The steep decline in Nifty last week appears to have turned the market mood on its head, from a positive growth one to the present dilly-dallying, doubtful one. Besides, with the earnings season now behind us there is also little to speak of in terms of near-term upside triggers for the market. In keeping with the sombre mood, we suggest traders to set a bear put spread on the index to benefit from further weakness. You can do this by buying Nifty November 4,700 put option and simultaneously selling Nifty November 4,600 put. This would result in a net initial debit as the strategy involves buying in the money put as against selling one that is out of money. In this case, you will have to shell out Rs 138 for buying Nifty November 4,700 put while you will receive Rs 97 when you write Nifty November 4,600 put. On the whole, the spread will cost you Rs 41/share. While it is advisable to execute both the legs of the strategy simultaneously to benefit from lower margin money requirement, you can time the purchase and sale of options depending on the day’s market movement.

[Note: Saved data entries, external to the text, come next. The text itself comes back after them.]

(* Let $\mathcal{A}\in\mathbb{R}^{d_1\times\cdots\times d_k}$ be an order-$k$ real tensor. (a) If $\pi_1,\pi_2\in\mathcal{P}_{[k]}$ with $\pi_1\le\pi_2$ and $\mathcal{A}$ is $\pi_1$-OD, then $\mathcal{A}$ is $\pi_2$-OD. (b) If $\pi\in\mathcal{P}_{[k]}$, $\pi\ne\mathbf{1}_{[k]}$, and $\mathcal{A}$ is $\pi$-OD with a decomposition $\mathcal{A}=\sum_{n=1}^r\lambda_n\mathbf{a}^{(n)}_1\otimes\cdots\otimes\mathbf{a}^{(n)}_k$ as in the definition of $\pi$-OD, then $\|\mathrm{Unfold}_\pi(\mathcal{A})\|_\sigma=\lambda_1$.
   Context: $\mathcal{P}_{[k]}$ is the set of partitions of $[k]$, ordered by refinement: $\pi_1\le\pi_2$ if every block of $\pi_1$ is contained in a block of $\pi_2$; $\mathbf{1}_{[k]}=\{[k]\}$. $\mathcal{A}$ is called $\pi$-orthogonal decomposable ($\pi$-OD) if $\mathcal{A}=\sum_{n=1}^r\lambda_n\mathbf{a}^{(n)}_1\otimes\cdots\otimes\mathbf{a}^{(n)}_k$ with $\lambda_1\ge\lambda_2\ge\cdots\ge\lambda_r\ge0$ and vectors $\mathbf{a}^{(n)}_i\in\mathbb{R}^{d_i}$ satisfying $\langle\otimes_{i\in B}\mathbf{a}^{(n)}_i,\otimes_{i\in B}\mathbf{a}^{(m)}_i\rangle=\delta_{nm}$ for all $B\in\pi$ and all $n,m\in[r]$ (inner product = sum of entrywise products). For a real tensor $\mathcal{T}\in\mathbb{R}^{e_1\times\cdots\times e_m}$, $\|\mathcal{T}\|_\sigma=\sup\{\sum t_{i_1\dots i_m}x^{(1)}_{i_1}\cdots x^{(m)}_{i_m}:\ \|\mathbf{x}_n\|_2=1\}$. Unfolding: for $\pi=\{B_1,\dots,B_\ell\}$, $\mathrm{Unfold}_\pi(\mathcal{A})$ is the order-$\ell$ tensor of dimensions $(\prod_{j\in B_1}d_j,\dots,\prod_{j\in B_\ell}d_j)$ whose entry at $(m_1,\dots,m_\ell)$ is $a_{i_1\dots i_k}$, where $m_j$ corresponds to $(i_r)_{r\in B_j}$ under a fixed bijection $\prod_{r\in B_j}[d_r]\to[\prod_{r\in B_j}d_r]$. *)

From HB Require Import structures.
From mathcomp Require Import all_boot all_order all_algebra.
From mathcomp Require Import boolp classical_sets reals.
Set Implicit Arguments. Unset Strict Implicit. Unset Printing Implicit Defensive.
Import Order.TTheory GRing.Theory Num.Theory.
Local Open Scope ring_scope.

Maximum profit potential: The maximum profit for this spread will occur when Nifty moves below the strike price of the sold option, i.e. 4,600. The maximum profit potential will be limited to the difference between the two strikes minus the net debit paid or the cost of setting the spread. In this case, the maximum profit will be Rs 59 [(4,700-4,600) – Rs 41].

Maximum loss potential: When your spread is totally out of money i.e. when Nifty value is higher than the 4,700, the maximum loss that you can suffer will be limited to the net debit paid, Rs 41 – that is the money that was spent initially in setting the bear put spread.

So, in essence you will be taking a maximum risk of Rs 41 to earn a maximum profit of Rs 59. Traders with a slightly more bearish view can tweak the strike prices further low using Nifty November 4,700 put and Nifty November 4,500 put. The spread will entail an initial cost of Rs 71 for a maximum profit potential of Rs 129.

When to exit?

Traders should consider booking profits and closing the positions as soon as the underlying trends below the strike price of the sold put option. But in the meanwhile, if you feel that the likelihood of the underlying moving down is low, you can consider closing the position prematurely.